» **Task details**
Copy out the lines of the records below, and only those lines, from the one with "Lemma coord_sq_le_dot n" through the one with "dot n u v = dot n u' v'.", exactly as they appear.

Dataset entries:
▶

(* The following structures have oligomorphic approximation: (i) every countable homogeneous oligomorphic structure $\mathbb{A}$ for which there is a family $\mathscr{B}$ of finite substructures of $\mathbb{A}$ such that every finite substructure of $\mathbb{A}$ is a substructure of some member of $\mathscr{B}$ and every member of $\mathscr{B}$ is homogeneous; (ii) the equality atoms; (iii) the vector atoms over any finite field $\mathsf{k}$; (iv) the Rado atoms.
   Context: A structure is a set with interpretations of relation symbols of a vocabulary; embeddings preserve and reflect relations and are injective; a substructure is the restriction to a subset. A structure $\mathbb{A}$ is homogeneous if every isomorphism between finite substructures of $\mathbb{A}$ extends to an automorphism of $\mathbb{A}$; oligomorphic if $\operatorname{Aut}(\mathbb{A})$ has finitely many orbits on $\mathbb{A}^d$ for every $d\ge1$. A homogeneous structure $\mathbb{A}$ has oligomorphic approximation if for every $d\ge1$ there is a family $\mathscr{B}$ of finite substructures of $\mathbb{A}$ such that (1) every finite substructure of $\mathbb{A}$ is a substructure of some $\mathbb{B}\in\mathscr{B}$, and (2) there is a finite bound, uniform over $\mathbb{B}\in\mathscr{B}$, on the number of orbits of $\operatorname{Aut}(\mathbb{B})$ on $\mathbb{B}^d$. Equality atoms: $\mathbb{N}$ with no relations besides equality. Vector atoms over a finite field $\mathsf{k}$: the countably-infinite-dimensional $\mathsf{k}$-vector space, with, for every $d$ and $\lambda_1,\dots,\lambda_d\in\mathsf{k}$, the $d$-ary relation $\lambda_1a_1+\dots+\lambda_da_d=0$ (so automorphisms are the linear bijections). Rado atoms: the Rado graph (the Fraïssé limit of all finite undirected graphs, i.e. the unique countable homogeneous graph into which every finite graph embeds), over a single symmetric irreflexive binary edge relation. *)

From Stdlib Require Import List.
From mathcomp Require Import all_boot all_order all_algebra.
Set Implicit Arguments. Unset Strict Implicit. Unset Printing Implicit Defensive.
Import GRing.Theory.
Lemma dot_comm n u v : dot n u v = dot n v u.
Proof. unfold dot; apply sum_eq; intros; ring. Qed.

Lemma dot_self_ge0 n x : 0 <= dot n x x.
Proof. apply cond_pos_sum; intro; nra. Qed.

Lemma coord_sq_le_dot n x i : (i <= n)%nat -> x i * x i <= dot n x x.
Proof. apply (sum_ge_term (fun k => x k * x k)); intro; nra. Qed.

Lemma dot_ext n u u' v v' :
  (forall k, (k <= n)%nat -> u k = u' k) -> (forall k, (k <= n)%nat -> v k = v' k) ->
  dot n u v = dot n u' v'.
Proof. intros Hu Hv; unfold dot; apply sum_eq; intros; now rewrite Hu, Hv. Qed.

Lemma dot_S n u v :
  dot (S n) u v = u 0%nat * v 0%nat + dot n (fun k => u (S k)) (fun k => v (S k)).
Proof. unfold dot; now rewrite decomp_sum by lia. Qed.

Definition lin_comb (m : nat) (c : nat -> R) (b : nat -> vec) : vec :=
  fun k => sum_f_R0 (fun i => c i * b i k) m.

Definition orthonormal_family (n m : nat) (b : nat -> vec) : Prop :=
  forall i j, (i <= m)%nat -> (j <= m)%nat -> dot n (b i) (b j) = kronecker i j.

Lemma lin_comb_ext m c c' b k :
  (forall i, (i <= m)%nat -> c i = c' i) -> lin_comb m c b k = lin_comb m c' b k.
Proof. intro Hc; unfold lin_comb; apply sum_eq; intros; now rewrite Hc. Qed.

Lemma lin_comb_S m c b k :
  lin_comb (S m) c b k =
  c 0%nat * b 0%nat k + lin_comb m (fun i => c (S i)) (fun i => b (S i)) k.
Proof. unfold lin_comb; now rewrite decomp_sum by lia. Qed.

Lemma lin_comb_lin_comb m p c B f k :
  lin_comb p (lin_comb m c B) f k = lin_comb m c (fun i => lin_comb p (B i) f) k.
Proof.
  unfold lin_comb.
  transitivity (sum_f_R0 (fun j => sum_f_R0 (fun i => c i * (B i j * f j k)) m) p).
  - apply sum_eq; intros j _. rewrite Rmult_comm, scal_sum. apply sum_eq; intros; ring.
  - rewrite sum_swap. apply sum_eq; intros i _. rewrite scal_sum. apply sum_eq; intros; ring.
Qed.

Lemma dot_lin_comb_r n m v c b :
  dot n v (lin_comb m c b) = sum_f_R0 (fun i => c i * dot n v (b i)) m.
Proof.
  unfold dot, lin_comb.
  transitivity (sum_f_R0 (fun k => sum_f_R0 (fun i => c i * (v k * b i k)) m) n).
  - apply sum_eq; intros k _. rewrite scal_sum. apply sum_eq; intros; ring.
  - rewrite sum_swap. apply sum_eq; intros i _. rewrite scal_sum. apply sum_eq; intros; ring.
Qed.

Lemma dot_basis_lin_comb n m b c j :
  orthonormal_family n m b -> (j <= m)%nat -> dot n (b j) (lin_comb m c b) = c j.
Proof.
  intros Hb Hj. rewrite dot_lin_comb_r.
  rewrite (sum_eq _ (fun i => kronecker j i * c i)) by (intros; rewrite Hb by lia; ring).
  now apply sum_kronecker_l.
Qed.

Lemma dot_lin_comb_orthonormal n m b c d :
  orthonormal_family n m b -> dot n (lin_comb m c b) (lin_comb m d b) = dot m c d.
Proof.
  intro Hb. rewrite dot_lin_comb_r. unfold dot at 2. apply sum_eq; intros j Hj.
  rewrite dot_comm, dot_basis_lin_comb by assumption; ring.
Qed.

Definition reflect_dir (u : vec) : vec := fun i => u i - kronecker 0 i.

(* Reflection in the hyperplane orthogonal to u - e_0, which swaps e_0 and u.  When
   u = e_0 the direction u - e_0 vanishes, so the junk division by 1 - u_0 = 0 does no
   harm and the matrix is the identity. *)
Definition householder (u : vec) (i j : nat) : R :=
  kronecker i j - reflect_dir u i * reflect_dir u j / (1 - u 0%nat).

Definition householder_col (u : vec) (j : nat) : vec := fun k => householder u k j.

Lemma householder_sym u i j : householder u i j = householder u j i.
Proof. unfold householder, Rdiv; rewrite kronecker_comm; ring. Qed.

Section Householder.

Variables (K : nat) (u : vec).
Hypothesis u_unit : dot K u u = 1.

Lemma dot_reflect_dir : dot K (reflect_dir u) (reflect_dir u) = 2 * (1 - u 0%nat).
Proof.
  unfold dot, reflect_dir.
  rewrite (sum_eq _ (fun i => u i * u i + (-2) * (kronecker 0 i * u i) + kronecker 0 i * kronecker 0 i))
    by (intros; ring).
  rewrite !sum_plus, sum_scal_l, !sum_kronecker_l by lia.
  unfold dot in u_unit; rewrite u_unit, kronecker_diag; ring.
Qed.

Lemma reflect_dir_zero : u 0%nat = 1 -> forall i, (i <= K)%nat -> reflect_dir u i = 0.
Proof.
  intros Hu0 i Hi.
  assert (H := coord_sq_le_dot K (reflect_dir u) i Hi).
  rewrite dot_reflect_dir, Hu0 in H. nra.
Qed.

Lemma householder_col0 i : (i <= K)%nat -> householder u i 0 = u i.
Proof.
  intro Hi. unfold householder.
  destruct (Req_dec (u 0%nat) 1) as [Hu0|Hu0].
  - pose proof (reflect_dir_zero Hu0 i Hi) as Hw. rewrite Hw.
    unfold reflect_dir in Hw. rewrite kronecker_comm in Hw. lra.
  - unfold reflect_dir at 2. rewrite kronecker_diag, kronecker_comm.
    unfold reflect_dir. field. lra.
Qed.

Lemma householder_mul_self i j : (i <= K)%nat -> (j <= K)%nat ->
  sum_f_R0 (fun k => householder u i k * householder u k j) K = kronecker i j.
Proof.
  intros Hi Hj. unfold householder.
  destruct (Req_dec (u 0%nat) 1) as [Hu0|Hu0].
  - rewrite (sum_eq _ (fun k => kronecker i k * kronecker k j)).
    + now apply (sum_kronecker_l (fun k => kronecker k j)).
    + intros k Hk. rewrite (reflect_dir_zero Hu0 k Hk). unfold Rdiv; ring.
  - set (s := 1 - u 0%nat). set (w := reflect_dir u).
    rewrite (sum_eq _ (fun k => kronecker i k * kronecker k j + (- w j / s) * (kronecker i k * w k)
                               + (- w i / s) * (kronecker j k * w k) + (w i * w j / (s * s)) * (w k * w k))).
    + rewrite !sum_plus, !sum_scal_l.
      rewrite (sum_kronecker_l (fun k => kronecker k j)), !sum_kronecker_l by assumption.
      change (sum_f_R0 (fun k => w k * w k) K) with (dot K w w).
      unfold w; rewrite dot_reflect_dir. unfold s. field. lra.
    + intros k _. rewrite (kronecker_comm k j). field. unfold s; lra.
Qed.

Lemma orthonormal_householder : orthonormal_family K K (householder_col u).
Proof.
  intros i j Hi Hj. unfold dot, householder_col.
  rewrite <- householder_mul_self by assumption.
  apply sum_eq; intros k _; now rewrite (householder_sym u k i).
Qed.

Lemma householder_expand x k : (k <= K)%nat ->
  x k = lin_comb K (fun j => dot K (householder_col u j) x) (householder_col u) k.
Proof.
  intro Hk.
  rewrite (lin_comb_ext K _ (lin_comb K x (householder_col u))) by
    (intros j _; unfold dot, lin_comb, householder_col; apply sum_eq; intros l _;
     rewrite (householder_sym u l j); ring).
  rewrite lin_comb_lin_comb. unfold lin_comb.
  rewrite (sum_eq _ (fun l => kronecker k l * x l)).
  - symmetry; now apply sum_kronecker_l.
  - intros l Hl. rewrite <- (householder_mul_self k l) by assumption.
    rewrite Rmult_comm. f_equal. apply sum_eq; intros j _.
    unfold householder_col; rewrite (householder_sym u j l); ring.
Qed.

End Householder.

(* For unit u: x makes an angle of at most arctan delta with the line through u. *)
Definition in_cone (K : nat) (delta : R) (u x : vec) : Prop :=
  dot K u u * dot K x x <= (1 + delta * delta) * (dot K u x * dot K u x).

Lemma in_cone_comm K delta u x : in_cone K delta u x -> in_cone K delta x u.
Proof. unfold in_cone; intro H; rewrite (dot_comm K x u); nra. Qed.

Lemma in_cone_mono K delta delta' u x :
  0 <= delta <= delta' -> in_cone K delta u x -> in_cone K delta' u x.
Proof.
  unfold in_cone; intros Hd H.
  assert (0 <= dot K u x * dot K u x) by nra.
  assert (delta * delta <= delta' * delta') by nra. nra.
Qed.

Lemma in_cone_scale_r K delta u z x a :
  (forall k, (k <= K)%nat -> x k = a * z k) -> in_cone K delta u z -> in_cone K delta u x.
Proof.
  unfold in_cone; intros Hx H.
  assert (Hux : dot K u x = a * dot K u z).
  { unfold dot; rewrite <- sum_scal_l; apply sum_eq; intros; rewrite Hx by assumption; ring. }
  assert (Hxx : dot K x x = (a * a) * dot K z z).
  { unfold dot; rewrite <- sum_scal_l; apply sum_eq; intros; rewrite Hx by assumption; ring. }
  rewrite Hux, Hxx. assert (0 <= a * a) by nra.
  replace ((1 + delta * delta) * (a * dot K u z * (a * dot K u z)))
    with ((a * a) * ((1 + delta * delta) * (dot K u z * dot K u z))) by ring.
  replace (dot K u u * (a * a * dot K z z)) with ((a * a) * (dot K u u * dot K z z)) by ring.
  now apply Rmult_le_compat_l.
Qed.

(* [lift m u] maps R^(m+1) isometrically onto the orthogonal complement of u (columns
   1..m+1 of the reflection); [tail_coords m u x] are the coordinates of the projection
   of x onto that complement. *)
Definition lift (m : nat) (u y : vec) : vec := lin_comb m y (fun j => householder_col u (S j)).

Definition extend (m : nat) (u : vec) (h : nat -> vec) : nat -> vec :=
  fun i => match i with O => u | S j => lift m u (h j) end.

Definition tail_coords (m : nat) (u x : vec) : vec :=
  fun j => dot (S m) (householder_col u (S j)) x.

Lemma lift_ext m u y y' k :
  (forall j, (j <= m)%nat -> y j = y' j) -> lift m u y k = lift m u y' k.
Proof. apply lin_comb_ext. Qed.

Lemma lift_lin_comb m u c h k :
  lift m u (lin_comb m c h) k = lin_comb m c (fun i => lift m u (h i)) k.
Proof. apply lin_comb_lin_comb. Qed.

Section Extend.

Variables (m : nat) (u : vec).
Hypothesis u_unit : dot (S m) u u = 1.

Lemma orthonormal_householder_tail :
  orthonormal_family (S m) m (fun j => householder_col u (S j)).
Proof. intros i j Hi Hj. apply (orthonormal_householder (S m) u u_unit (S i) (S j)); lia. Qed.

Lemma dot_householder_col0 v : dot (S m) (householder_col u 0) v = dot (S m) u v.
Proof. apply dot_ext; [intros; now apply (householder_col0 (S m)) | reflexivity]. Qed.

Lemma dot_lift y z : dot (S m) (lift m u y) (lift m u z) = dot m y z.
Proof. apply dot_lin_comb_orthonormal, orthonormal_householder_tail. Qed.

Lemma dot_unit_lift y : dot (S m) u (lift m u y) = 0.
Proof.
  unfold lift; rewrite dot_lin_comb_r. apply sum_eq_R0; intros j Hj.
  rewrite <- dot_householder_col0, orthonormal_householder by (assumption || lia).
  rewrite kronecker_neq by lia; ring.
Qed.

Lemma extend_orthonormal h : orthonormal m h -> orthonormal (S m) (extend m u h).
Proof.
  intros Hh [|i] [|j] Hi Hj; simpl.
  - exact u_unit.
  - apply dot_unit_lift.
  - rewrite dot_comm; apply dot_unit_lift.
  - rewrite dot_lift; apply Hh; lia.
Qed.

Lemma decompose_along_unit x k : (k <= S m)%nat ->
  x k = dot (S m) u x * u k + lift m u (tail_coords m u x) k.
Proof.
  intro Hk. rewrite (householder_expand (S m) u u_unit x k Hk) at 1.
  rewrite lin_comb_S, dot_householder_col0.
  unfold householder_col at 1; rewrite (householder_col0 (S m)) by assumption.
  reflexivity.
Qed.

Lemma parseval_along_unit x :
  dot (S m) x x = dot (S m) u x * dot (S m) u x + dot m (tail_coords m u x) (tail_coords m u x).
Proof.
  set (c := fun j => dot (S m) (householder_col u j) x).
  rewrite (dot_ext (S m) x (lin_comb (S m) c (householder_col u)) x (lin_comb (S m) c (householder_col u)))
    by (intros; now apply householder_expand).
  rewrite dot_lin_comb_orthonormal, dot_S by (now apply orthonormal_householder).
  unfold c; now rewrite dot_householder_col0.
Qed.

Lemma A_set_extend h e x :
  orthonormal m h -> dot (S m) x x <= 1 -> 0 <= e -> in_cone (S m) e u x ->
  A_set m h e (tail_coords m u x) -> A_set (S m) (extend m u h) e x.
Proof.
  intros Hh Hx He Hcone [c [Hc0 [Hchain Hy]]].
  set (t := dot (S m) u x) in *. set (y := tail_coords m u x) in *.
  pose proof (parseval_along_unit x) as Hpars. fold t y in Hpars.
  unfold in_cone in Hcone; rewrite u_unit in Hcone; fold t in Hcone.
  assert (Hcy : dot m c c = dot m y y).
  { rewrite (dot_ext m y (lin_comb m c h) y (lin_comb m c h)) by assumption.
    symmetry; now apply dot_lin_comb_orthonormal. }
  pose proof (dot_self_ge0 m y).
  assert (Htail : dot m y y <= e * e * (t * t)) by nra.
  exists (fun i => match i with O => t | S j => c j end). split; [|split].
  - apply Rabs_le_of_sq; lra.
  - intros [|i] Hi.
    + apply Rabs_le_of_sq; [|pose proof (Rabs_pos t); nra].
      pose proof (coord_sq_le_dot m c 0 ltac:(lia)).
      assert (Rabs t * Rabs t = t * t) by (rewrite <- Rabs_mult; apply Rabs_pos_eq; nra).
      nra.
    + apply Hchain; lia.
  - intros k Hk. rewrite (decompose_along_unit x k Hk).
    change (sum_f_R0 _ (S m)) with (lin_comb (S m) (fun i => match i with O => t | S j => c j end) (extend m u h) k).
    rewrite lin_comb_S. simpl. f_equal.
    rewrite (lift_ext m u y (lin_comb m c h)) by assumption.
    apply lift_lin_comb.
Qed.

End Extend.

(* Coquelicot states its compactness theorem for tuples [Tn k R]. *)
Fixpoint vec_of_Tn (k : nat) : Compactness.Tn k R -> vec :=
  match k with
  | O => fun _ _ => 0
  | S k' => fun x i => match i with O => fst x | S i' => vec_of_Tn k' (snd x) i' end
  end.

Fixpoint Tn_of_vec (k : nat) (a : vec) : Compactness.Tn k R :=
  match k with O => tt | S k' => (a 0%nat, Tn_of_vec k' (fun i => a (S i))) end.

Lemma vec_of_Tn_of_vec k : forall a i, (i < k)%nat -> vec_of_Tn k (Tn_of_vec k a) i = a i.
Proof. induction k as [|k IH]; intros a [|i] Hi; simpl; try lia; auto. rewrite IH; [reflexivity | lia]. Qed.

Lemma bounded_Tn_of_vec k : forall a, (forall i, (i < k)%nat -> -1 <= a i <= 1) ->
  Compactness.bounded_n k (Tn_of_vec k (fun _ => -1)) (Tn_of_vec k (fun _ => 1)) (Tn_of_vec k a).
Proof. induction k as [|k IH]; intros a Ha; simpl; auto. split; [apply Ha; lia | apply IH; intros; apply Ha; lia]. Qed.

Lemma close_vec_of_Tn k : forall d x t, Compactness.close_n k d x t ->
  forall i, (i < k)%nat -> Rabs (vec_of_Tn k x i - vec_of_Tn k t i) < d.
Proof.
  induction k as [|k IH]; [intros; lia|].
  intros d [x1 x2] [t1 t2] [H1 H2] [|i] Hi; simpl; auto. apply IH; auto; lia.
Qed.

Lemma cube_gauge_cover K (gauge : vec -> posreal) :
  exists P : list vec, forall z, (forall i, (i <= K)%nat -> -1 <= z i <= 1) ->
    exists t, In t P /\ forall i, (i <= K)%nat -> Rabs (z i - t i) < gauge t.
Proof.
  destruct (NNPP _ (Compactness.compactness_list (S K) (Tn_of_vec (S K) (fun _ => -1))
              (Tn_of_vec (S K) (fun _ => 1)) (fun x => gauge (vec_of_Tn (S K) x)))) as [l Hl].
  exists (map (vec_of_Tn (S K)) l). intros z Hz.
  destruct (Hl (Tn_of_vec (S K) z)) as [t [Ht [_ Hclose]]].
  { apply bounded_Tn_of_vec; intros; apply Hz; lia. }
  exists (vec_of_Tn (S K) t). split; [now apply in_map|].
  intros i Hi. rewrite <- (vec_of_Tn_of_vec (S K) z i) by lia.
  apply close_vec_of_Tn; [assumption | lia].
Qed.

◀

» **Response to the exercise**
Lemma coord_sq_le_dot n x i : (i <= n)%nat -> x i * x i <= dot n x x.
Proof. apply (sum_ge_term (fun k => x k * x k)); intro; nra. Qed.

Lemma dot_ext n u u' v v' :
  (forall k, (k <= n)%nat -> u k = u' k) -> (forall k, (k <= n)%nat -> v k = v' k) ->
  dot n u v = dot n u' v'.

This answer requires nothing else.